## [Work instructions]
Reproduce the first line of the material below and each line after it, exactly, through the line containing "injective phi /\ injective f /\", and give nothing more.

## [Entries supplied]
(* Let $r \geq 3$. If $\mathcal{F}$ is a $\{C_2, C_3, K_{2,3}\}$-free $r$-uniform $r$-partite hypergraph with $n$ vertices in each part, then \[ |E(\mathcal{F})| \leq \sqrt{\frac{2}{r-1}}\, n^{3/2} + n. \] Furthermore, for any $q$ that is a power of an odd prime, there is a $3$-uniform $3$-partite $\{C_2, C_3, K_{2,3}\}$-free hypergraph with $q^2$ vertices in each part and $q^2(q-1)$ edges.
   Context: Let $G$ be a multigraph and $\mathcal{F}$ a hypergraph. $\mathcal{F}$ is a Berge-$G$ if there is a bijection $f: E(G) \to E(\mathcal{F})$ with $e \subseteq f(e)$ for every $e \in E(G)$. For a family $\mathcal{G}$ of multigraphs, a hypergraph $\mathcal{H}$ is $\mathcal{G}$-free if for every $G \in \mathcal{G}$, $\mathcal{H}$ contains no subhypergraph isomorphic to a Berge-$G$. $C_2$ is the multigraph consisting of two vertices joined by two parallel edges (so $C_2$-free means linear: two distinct edges share at most one vertex), $C_3$ is the triangle, $K_{2,3}$ the complete bipartite graph with parts of sizes $2$ and $3$. An $r$-uniform hypergraph is $r$-partite if its vertex set is partitioned into $r$ parts such that each edge contains exactly one vertex from each part. *)

From HB Require Import structures.
From mathcomp Require Import all_boot all_order all_algebra.
Set Implicit Arguments. Unset Strict Implicit. Unset Printing Implicit Defensive.
Import Order.TTheory GRing.Theory Num.Theory.

Definition uniform (V : finType) (r : nat) (E : {set {set V}}) : Prop :=
  forall e, e \in E -> #|e| = r.

Definition partite (V : finType) (r : nat) (part : V -> 'I_r) (n : nat)
    (E : {set {set V}}) : Prop :=
  (forall i : 'I_r, #|[set v | part v == i]| = n) /\
  (forall e, e \in E -> forall i : 'I_r, #|[set v in e | part v == i]| = 1).

(* A multigraph G with vertex type W and edge type EG; each edge g has the two
   endpoints (ends g).1 and (ends g).2.  E contains a Berge-G iff there are an
   injective vertex map phi and an injective (bijective onto its image) edge map
   f into E with phi(endpoints of g) contained in f g. *)
Definition berge_contains (W EG : finType) (ends : EG -> W * W)
    (V : finType) (E : {set {set V}}) : Prop :=
  exists (phi : W -> V) (f : EG -> {set V}),
    injective phi /\ injective f /\
    forall g, [/\ f g \in E, phi (ends g).1 \in f g & phi (ends g).2 \in f g].

Definition C2_ends (g : 'I_2) : 'I_2 * 'I_2 := (ord0, ord_max).
Definition C3_ends (g : 'I_3) : 'I_3 * 'I_3 := (g, inord ((g + 1) %% 3)).
Definition K23_ends (g : 'I_2 * 'I_3) : ('I_2 + 'I_3) * ('I_2 + 'I_3) :=
  (inl g.1, inr g.2).

Definition C2_C3_K23_free (V : finType) (E : {set {set V}}) : Prop :=
  ~ berge_contains C2_ends E /\ ~ berge_contains C3_ends E /\
  ~ berge_contains K23_ends E.

From HB Require Import structures.
From mathcomp Require Import all_boot all_order all_algebra all_field.
From mathcomp Require Import zify ring lra.
Import Order.TTheory GRing.Theory Num.Theory.
Set Implicit Arguments. Unset Strict Implicit. Unset Printing Implicit Defensive.

(* Fix a part V0.  By linearity the edges through a vertex x
   outside V0 meet V0 in distinct vertices, so x yields d(x)(d(x)-1) ordered
   pairs of distinct neighbours in V0.  A pair of vertices of V0 arises from at
   most two such x: three would span a Berge-K_{2,3}, whose six edges are
   distinct by linearity and the absence of Berge triangles.  Hence
   sum d(x)(d(x)-1) <= 2n(n-1), while sum d(x) = (r-1)|E| over the (r-1)n
   vertices outside V0, and Cauchy-Schwarz gives (r-1)|E|^2 <= 2n^3 + (r-1)n|E|.

   Over F_q the edge with parameters a in F^2 and t in F^x has
   the vertex a + k_i (t, t^2) in part i, where (k_0, k_1, k_2) = (0, 1, -1).
   Two vertices in different parts determine t and then a.  Around a triangle
   the displacements k (t, t^2) sum to zero, which forces al be (t0 - t1)^2 = 0.
   Two vertices of one part have at most one common neighbour in each other
   part; two vertices of different parts have at most two in the third part,
   since those neighbours correspond to roots of a quadratic.  Oddness of q
   keeps the slopes 1 and -1 apart and allows halving. *)

Section BergeCopies.
Variables (V : finType) (E : {set {set V}}).
(* E_{I J} for J subset of I, positions a < |I|, b < |J| *)
Definition Emat (I J : list nat) (a b : nat) : R :=
  if Nat.eqb (nth a I 0%nat) (nth b J 0%nat) then 1 else 0.

(* U_i(t) = - sum_{k in T_i} D_kk(t) L_{I_i k}(t) L_{I_i k}(t)^T,
   an |I_i| x |I_i| matrix indexed by positions in I_i *)
Definition Umat (n : nat) (V : nat -> nat -> bool) (L D : R -> mat)
    (i : nat) (t : R) (a b : nat) : R :=
  - rsum (Tset n V i) (fun k =>
      D t k k * L t (nth a (Iset n V i) 0%nat) k * L t (nth b (Iset n V i) 0%nat) k).

(* The three block matrices of the identity, all indexed by positions
   0 .. |I_j| in I_j^+ (position 0 is j, position a+1 is I_j(a)). *)
Definition Yblock (n : nat) (V : nat -> nat -> bool) (Y : mat) (j a b : nat) : R :=
  match a, b with
  | O, O => Y j j
  | O, S b' => Y (nth b' (Iset n V j) 0%nat) j
  | S a', O => Y (nth a' (Iset n V j) 0%nat) j
  | S _, S _ => 0
  end.

Definition Lblock (n : nat) (V : nat -> nat -> bool) (L0 : mat) (j a c : nat) : R :=
  match a, c with
  | O, O => 1
  | O, S _ => 0
  | S a', O => L0 (nth a' (Iset n V j) 0%nat) j
  | S a', S c' => if Nat.eqb a' c' then 1 else 0
  end.

Definition Mblock (n : nat) (V : nat -> nat -> bool) (D0 Dp Lp : mat)
    (Upj : nat -> nat -> R) (j c d : nat) : R :=
  match c, d with
  | O, O => Dp j j
  | O, S d' => D0 j j * Lp (nth d' (Iset n V j) 0%nat) j
  | S c', O => D0 j j * Lp (nth c' (Iset n V j) 0%nat) j
  | S c', S d' => Upj c' d'
  end.

(* The proof has two independent halves.
   - A static identity, valid for every factorization Z = L D L^T of a
     matrix Z with the sparsity pattern V: with
     U_i = - sum_(k in T_i) D_kk L_(I_i k) L_(I_i k)^T,
        [Z_jj Z_(I_j j)^T; Z_(I_j j) 0] + sum_(i in ch(j)) E U_i E^T
          = [1; L_(I_j j)] D_jj [1; L_(I_j j)]^T + [0 0; 0 U_j].
     It rests on two facts about the elimination tree: T_j is the disjoint
     union of {j} and of the T_i for i in ch(j), and L_pk = 0 whenever
     k in T_i, i in ch(j) and p in I_j^+ \ I_i (the factor has no fill-in).
   - Differentiability at t = 0 of L(t), D(t) (by induction on the columns,
     through the recursive formulas defining the factor), hence of U_i(t).
   Differentiating the static identity at t = 0 (it holds near 0) and
   expanding the block product [1 0; L I] M [1 L^T; 0 I] gives the theorem. *)

From Stdlib Require Import Reals List Arith Bool Lia Lra.
From Coquelicot Require Import Coquelicot.
Import ListNotations.
Open Scope R_scope.

(** * Finite sums over lists of indices *)

Lemma rsum_app l1 l2 f : rsum (l1 ++ l2) f = rsum l1 f + rsum l2 f.
Proof. induction l1 as [|x l IH]; simpl; [lra|]. unfold rsum in *; simpl; rewrite IH; lra. Qed.

Lemma rsum_ext l f g : (forall x, In x l -> f x = g x) -> rsum l f = rsum l g.
Proof.
  induction l as [|x l IH]; intros H; simpl; auto.
  unfold rsum in *; simpl. rewrite H by (left; auto). rewrite IH; auto.
  intros; apply H; right; auto.
Qed.

Lemma rsum_zero l f : (forall x, In x l -> f x = 0) -> rsum l f = 0.
Proof.
  induction l as [|x l IH]; intros H; simpl; auto.
  unfold rsum in *; simpl. rewrite H by (left; auto). rewrite IH; [lra|].
  intros; apply H; right; auto.
Qed.

Lemma rsum_plus l f g : rsum l (fun x => f x + g x) = rsum l f + rsum l g.
Proof. induction l as [|x l IH]; simpl; [lra|]. unfold rsum in *; simpl; rewrite IH; lra. Qed.

Lemma rsum_scal l c f : rsum l (fun x => c * f x) = c * rsum l f.
Proof. induction l as [|x l IH]; simpl; [lra|]. unfold rsum in *; simpl; rewrite IH; lra. Qed.

Lemma rsum_scalr l c f : rsum l (fun x => f x * c) = rsum l f * c.
Proof. induction l as [|x l IH]; simpl; [lra|]. unfold rsum in *; simpl; rewrite IH; lra. Qed.

Lemma rsum_opp l f : rsum l (fun x => - f x) = - rsum l f.
Proof. induction l as [|x l IH]; simpl; [lra|]. unfold rsum in *; simpl; rewrite IH; lra. Qed.

Lemma rsum_filter (h : nat -> bool) l f :
  rsum (filter h l) f = rsum l (fun x => if h x then f x else 0).
Proof.
  induction l as [|x l IH]; simpl; auto.
  destruct (h x); unfold rsum in *; simpl; rewrite IH; lra.
Qed.

Lemma rsum_swap l1 l2 (f : nat -> nat -> R) :
  rsum l1 (fun x => rsum l2 (fun y => f x y)) = rsum l2 (fun y => rsum l1 (fun x => f x y)).
Proof.
  induction l1 as [|x l IH]; simpl.
  - symmetry; apply rsum_zero; auto.
  - change (rsum l2 (fun y => f x y) + rsum l (fun x => rsum l2 (fun y => f x y)) =
            rsum l2 (fun y => f x y + rsum l (fun x => f x y))).
    rewrite rsum_plus, IH. reflexivity.
Qed.

Lemma rsum_map (h : nat -> nat) l f : rsum (map h l) f = rsum l (fun x => f (h x)).
Proof. induction l as [|x l IH]; simpl; auto. unfold rsum in *; simpl; rewrite IH; auto. Qed.

Lemma rsum_nth l f :
  rsum (seq 0 (length l)) (fun c => f (nth c l 0%nat)) = rsum l f.
Proof.
  induction l as [|x l IH]; simpl; auto.
  change (f x + rsum (seq 1 (length l)) (fun c => f (nth c (x :: l) 0%nat)) = f x + rsum l f).
  rewrite <- seq_shift, rsum_map. simpl. rewrite IH. reflexivity.
Qed.

Lemma rsum_delta_in l p g : NoDup l -> In p l ->
  rsum l (fun x => if Nat.eqb p x then g x else 0) = g p.
Proof.
  induction l as [|x l IH]; intros Hnd Hp; [destruct Hp|]. inversion Hnd; subst.
  change ((if Nat.eqb p x then g x else 0)
          + rsum l (fun x => if Nat.eqb p x then g x else 0) = g p).
  destruct Hp as [->|Hp].
  - rewrite Nat.eqb_refl, rsum_zero; [lra|].
    intros y Hy. destruct (Nat.eqb_spec p y); subst; [contradiction|auto].
  - destruct (Nat.eqb_spec p x); subst; [contradiction|]. rewrite IH; auto. lra.
Qed.

Lemma rsum_delta_notin l p g : ~ In p l ->
  rsum l (fun x => if Nat.eqb p x then g x else 0) = 0.
Proof.
  intros H; apply rsum_zero. intros x Hx.
  destruct (Nat.eqb_spec p x); subst; [contradiction|auto].
Qed.

Lemma Emat_sandwich (J I : list nat) (a b : nat) (W : nat -> nat -> R) :
  NoDup I ->
  (~ In (nth a J 0%nat) I \/ ~ In (nth b J 0%nat) I ->
     W (nth a J 0%nat) (nth b J 0%nat) = 0) ->
  rsum (seq 0 (length I)) (fun c => rsum (seq 0 (length I)) (fun d =>
    Emat J I a c * W (nth c I 0%nat) (nth d I 0%nat) * Emat J I b d))
  = W (nth a J 0%nat) (nth b J 0%nat).
Proof.
  intros Hnd HW. set (p := nth a J 0%nat) in *. set (q := nth b J 0%nat) in *.
  transitivity (rsum I (fun x => if Nat.eqb p x then
     rsum I (fun y => if Nat.eqb q y then W x y else 0) else 0)).
  - rewrite <- (rsum_nth I). apply rsum_ext; intros c _. unfold Emat. fold p q.
    destruct (Nat.eqb p (nth c I 0%nat)).
    + rewrite <- (rsum_nth I). apply rsum_ext; intros d _. destruct (Nat.eqb q _); lra.
    + apply rsum_zero. intros d _. lra.
  - destruct (in_dec Nat.eq_dec p I) as [Hp|Hp].
    + rewrite rsum_delta_in by auto.
      destruct (in_dec Nat.eq_dec q I) as [Hq|Hq].
      * apply rsum_delta_in; auto.
      * rewrite rsum_delta_notin by auto. symmetry; auto.
    + rewrite rsum_delta_notin by auto. symmetry; auto.
Qed.

(** * The elimination tree of a filled pattern *)

Section EliminationTree.
Variable n : nat.
Variable V : nat -> nat -> bool.
Hypothesis HV : sparsity_pattern n V.
Hypothesis Hfill : filled n V.

Lemma Iset_In j p : In p (Iset n V j) <-> (j < p < n)%nat /\ V p j = true.
Proof.
  unfold Iset. rewrite filter_In, in_seq. split; intros [H1 H2]; split; auto; lia.
Qed.

Lemma Iset_NoDup j : NoDup (Iset n V j).
Proof. unfold Iset. apply NoDup_filter, seq_NoDup. Qed.

Lemma nth_Iset_In j a : (a < length (Iset n V j))%nat ->
  (j < nth a (Iset n V j) 0%nat < n)%nat /\ V (nth a (Iset n V j) 0%nat) j = true.
Proof. intros Ha. apply Iset_In, nth_In, Ha. Qed.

## [Solution for this task]
(* Let $r \geq 3$. If $\mathcal{F}$ is a $\{C_2, C_3, K_{2,3}\}$-free $r$-uniform $r$-partite hypergraph with $n$ vertices in each part, then \[ |E(\mathcal{F})| \leq \sqrt{\frac{2}{r-1}}\, n^{3/2} + n. \] Furthermore, for any $q$ that is a power of an odd prime, there is a $3$-uniform $3$-partite $\{C_2, C_3, K_{2,3}\}$-free hypergraph with $q^2$ vertices in each part and $q^2(q-1)$ edges.
   Context: Let $G$ be a multigraph and $\mathcal{F}$ a hypergraph. $\mathcal{F}$ is a Berge-$G$ if there is a bijection $f: E(G) \to E(\mathcal{F})$ with $e \subseteq f(e)$ for every $e \in E(G)$. For a family $\mathcal{G}$ of multigraphs, a hypergraph $\mathcal{H}$ is $\mathcal{G}$-free if for every $G \in \mathcal{G}$, $\mathcal{H}$ contains no subhypergraph isomorphic to a Berge-$G$. $C_2$ is the multigraph consisting of two vertices joined by two parallel edges (so $C_2$-free means linear: two distinct edges share at most one vertex), $C_3$ is the triangle, $K_{2,3}$ the complete bipartite graph with parts of sizes $2$ and $3$. An $r$-uniform hypergraph is $r$-partite if its vertex set is partitioned into $r$ parts such that each edge contains exactly one vertex from each part. *)

From HB Require Import structures.
From mathcomp Require Import all_boot all_order all_algebra.
Set Implicit Arguments. Unset Strict Implicit. Unset Printing Implicit Defensive.
Import Order.TTheory GRing.Theory Num.Theory.

Definition uniform (V : finType) (r : nat) (E : {set {set V}}) : Prop :=
  forall e, e \in E -> #|e| = r.

Definition partite (V : finType) (r : nat) (part : V -> 'I_r) (n : nat)
    (E : {set {set V}}) : Prop :=
  (forall i : 'I_r, #|[set v | part v == i]| = n) /\
  (forall e, e \in E -> forall i : 'I_r, #|[set v in e | part v == i]| = 1).

(* A multigraph G with vertex type W and edge type EG; each edge g has the two
   endpoints (ends g).1 and (ends g).2.  E contains a Berge-G iff there are an
   injective vertex map phi and an injective (bijective onto its image) edge map
   f into E with phi(endpoints of g) contained in f g. *)
Definition berge_contains (W EG : finType) (ends : EG -> W * W)
    (V : finType) (E : {set {set V}}) : Prop :=
  exists (phi : W -> V) (f : EG -> {set V}),
    injective phi /\ injective f /\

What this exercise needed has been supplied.